WORK INSTRUCTION: Copy each line of the listing where the word "have" can be found.

INPUT FOR THIS TASK:
──────

Lemma Bre_lincomb_self a u v : inV m u -> inV m v ->
  Bre (vadd (vscale a u) v) (vadd (vscale a u) v) =
    cabs2 a * Bre u u + 2 * complex.Re (a * B u v) + Bre v v.
Proof.
move=> iu iv; set z := vadd _ v; have iz : inV m z := inV_lincomb a iu iv.
have Bzz : B z z = a * (a * B u u + B v u)^* + (a * B u v + B v v)^*.
  by rewrite {1}/z B_lincomb // (BJ iz iu) (BJ iz iv) /z !B_lincomb.
rewrite -[Bre z z]/(complex.Re (B z z)) Bzz (BJ iv iu) !B_self //.
clear Bzz iz z; move: (B u v) (Bre u u) (Bre v v) => b U V.
by case: a => a1 a2; case: b => b1 b2; rewrite /cabs2 /=; ring.
Qed.

End Form.

Arguments vzero {R}.

Section Geometry.
Variables (R : realType) (m : option nat) (x : vec R).
Hypothesis px : positive m x.
Implicit Types (u v w y z : vec R).

Lemma Bre_orth_le0 u : inV m u -> B u x = 0 -> Bre u u <= 0.
Proof.
move=> iu ux; have [ix x_pos] := px.
(* B is negative semi-definite on vectors with vanishing 0-th coordinate. *)
have x0 : x 0%N != 0 by apply: contraTneq x_pos => /(Bre_le0_head0 ix); rewrite leNgt.
pose t := - u 0%N / x 0%N.
have head0 : vadd (vscale t x) u 0%N = 0 by rewrite /vadd /vscale /t !mulNr divfK // addNr.
have := Bre_le0_head0 (inV_lincomb t ix iu) head0.
rewrite (Bre_lincomb_self t ix iu) (BJ iu ix) ux conjC0 mulr0 /= mulr0 addr0.
by have := mulr_ge0 (cabs2_ge0 t) (ltW x_pos); lra.
Qed.
(* Let $S$ be an LAD-AG-groupoid. Then $S$ is an AG$^{**}$-groupoid, i.e. $a(bc)=b(ac)$ for all $a,b,c\in S$.
   Context: A groupoid is a set $S$ with a binary operation written as juxtaposition; $ab\cdot c$ means $(ab)c$ and $a\cdot bc$ means $a(bc)$. An AG-groupoid is a groupoid satisfying the left invertive law $(ab)c=(cb)a$ for all $a,b,c\in S$. An LAD-AG-groupoid (left abelian distributive AG-groupoid) is an AG-groupoid satisfying $a(bc)=(ab)(ca)$ for all $a,b,c\in S$. *)

Definition AG_groupoid {S : Type} (op : S -> S -> S) : Prop :=
  forall a b c : S, op (op a b) c = op (op c b) a.

Definition LAD_AG_groupoid {S : Type} (op : S -> S -> S) : Prop :=
  AG_groupoid op /\ forall a b c : S, op a (op b c) = op (op a b) (op c a).

Definition AGss_groupoid {S : Type} (op : S -> S -> S) : Prop :=
  AG_groupoid op /\ forall a b c : S, op a (op b c) = op b (op a c).


(* By the medial law, a(bc) = (ab)(ca) is symmetric in b and c, so left
   multiplication only sees unordered products.  Expanding a(bc) and b(ac)
   once more with the left distributive law reduces the theorem to
   z(a(ab)) = z(b(ba)), and both sides equal z((ab)(ba)). *)

Section AGGroupoid.

Variables (S : Type) (op : S -> S -> S).
Hypothesis left_invertive : AG_groupoid op.

Lemma AG_medial (x y z w : S) :
  op (op x y) (op z w) = op (op x z) (op y w).
Proof.
  rewrite (left_invertive x y (op z w)), (left_invertive z w y).
  now rewrite (left_invertive x z (op y w)).
Qed.

End AGGroupoid.

Arguments AG_medial {S op}.

Section LADAGGroupoid.

Variables (S : Type) (op : S -> S -> S).
Hypothesis left_invertive : AG_groupoid op.
Hypothesis left_distributive :
  forall a b c : S, op a (op b c) = op (op a b) (op c a).

Lemma LAD_mulC_right (x y z : S) : op x (op y z) = op x (op z y).
Proof.
  rewrite (left_distributive x y z), (AG_medial left_invertive).
  now rewrite <- left_distributive.
Qed.

Lemma LAD_mul_square_swap (z a b : S) :
  op z (op a (op a b)) = op z (op (op b a) (op a b)).
Proof.
  rewrite (LAD_mulC_right a a b), (LAD_mulC_right z a (op b a)).
  rewrite (left_invertive b a a), (LAD_mulC_right z (op a a) b).
  now rewrite (left_distributive b a a).
Qed.

Lemma LAD_mul_square_sym (z a b : S) :
  op z (op a (op a b)) = op z (op b (op b a)).
Proof.
  rewrite !LAD_mul_square_swap.
  apply LAD_mulC_right.
Qed.

End LADAGGroupoid.

Arguments LAD_mulC_right {S op}.
Arguments LAD_mul_square_sym {S op}.

Theorem mainTheorem3 (S : Type) (op : S -> S -> S) :
  LAD_AG_groupoid op -> AGss_groupoid op.
Proof.
  intros [left_invertive left_distributive].
  split; [exact left_invertive |].
  intros a b c.
  rewrite (left_distributive a b c), (left_distributive (op a b) c a).
  rewrite (LAD_mul_square_sym left_invertive left_distributive).
  rewrite (left_invertive (op a b) c), (LAD_mulC_right left_invertive left_distributive _ a b).
  rewrite (left_invertive (op b (op b a)) c).
  now rewrite <- !left_distributive.
Qed.
(* Let $p$ be a prime, $D$ the quaternion algebra over $\mathbb{Q}$ ramified exactly at $\{p,\infty\}$, and $\mathcal{O}$ a maximal order. Suppose $\lambda,\mu\in\mathcal{O}$ satisfy $N(\lambda)=p-1$, $N(\mu)=p$ and $\mathrm{tr}(r)=0$, where $r=\lambda\overline{\mu}$. Put \[g_{\lambda,\mu}=\begin{pmatrix}1&\lambda\\0&\mu\end{pmatrix},\qquad P_{\lambda,\mu}=\begin{pmatrix}1&\overline{r}/p\\0&1\end{pmatrix}.\] Then $g_{\lambda,\mu}$ is a valid choice of $g$, i.e. the left $\mathcal{O}$-lattice $\mathcal{O}^2g_{\lambda,\mu}$ lies in the non-principal genus, and $P_{\lambda,\mu}$ is a valid choice of $P$, i.e. with $A=g_{\lambda,\mu}\overline{g_{\lambda,\mu}}^T$ the matrix $P_{\lambda,\mu}A\overline{P_{\lambda,\mu}}^T$ is diagonal. Moreover $P_{\lambda,\mu}^{-1}=\overline{P_{\lambda,\mu}}$.
   Context: $x\mapsto\overline{x}$ is quaternion conjugation, $N(x)=x\overline{x}$ the reduced norm, $\mathrm{tr}(x)=x+\overline{x}$ the reduced trace. For a matrix $M$ over $D$, $\overline{M}$ is the entrywise conjugate and $\overline{M}^T$ its transpose. $\mathrm{GU}_2(D_p)=\{h\in M_2(D_p):h\overline{h}^T=\mu(h)I,\ \mu(h)\in\mathbb{Q}_p^\times\}$ where $D_p=D\otimes\mathbb{Q}_p$, $\mathcal{O}_p=\mathcal{O}\otimes\mathbb{Z}_p$. A left $\mathcal{O}$-lattice $L\subset D^2$ (row vectors) lies in the non-principal genus if $L\otimes\mathbb{Z}_p$ is not of the form $\mathcal{O}_p^2h$ with $h\in\mathrm{GU}_2(D_p)$. *)

From HB Require Import structures.
From mathcomp Require Import all_boot all_order all_algebra.
From mathcomp Require Import Rstruct.
Set Implicit Arguments. Unset Strict Implicit. Unset Printing Implicit Defensive.
Import Order.TTheory GRing.Theory Num.Theory.
Local Open Scope ring_scope.

(* Quaternion algebras (a,b)_R : basis 1,i,j,k with i^2=a, j^2=b,       *)
(* k=ij=-ji, over a commutative ring R.  Elements are coordinate       *)
(* 4-tuples.                                                           *)
Record quat (R : Type) := Quat { q0 : R; q1 : R; q2 : R; q3 : R }.

Section QuatOps.
Variable R : comNzRingType.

──────

SOLUTION FOR THIS PROBLEM:
move=> iu iv; set z := vadd _ v; have iz : inV m z := inV_lincomb a iu iv.
have Bzz : B z z = a * (a * B u u + B v u)^* + (a * B u v + B v v)^*.
move=> iu ux; have [ix x_pos] := px.
have x0 : x 0%N != 0 by apply: contraTneq x_pos => /(Bre_le0_head0 ix); rewrite leNgt.
have head0 : vadd (vscale t x) u 0%N = 0 by rewrite /vadd /vscale /t !mulNr divfK // addNr.
have := Bre_le0_head0 (inV_lincomb t ix iu) head0.
by have := mulr_ge0 (cabs2_ge0 t) (ltW x_pos); lra.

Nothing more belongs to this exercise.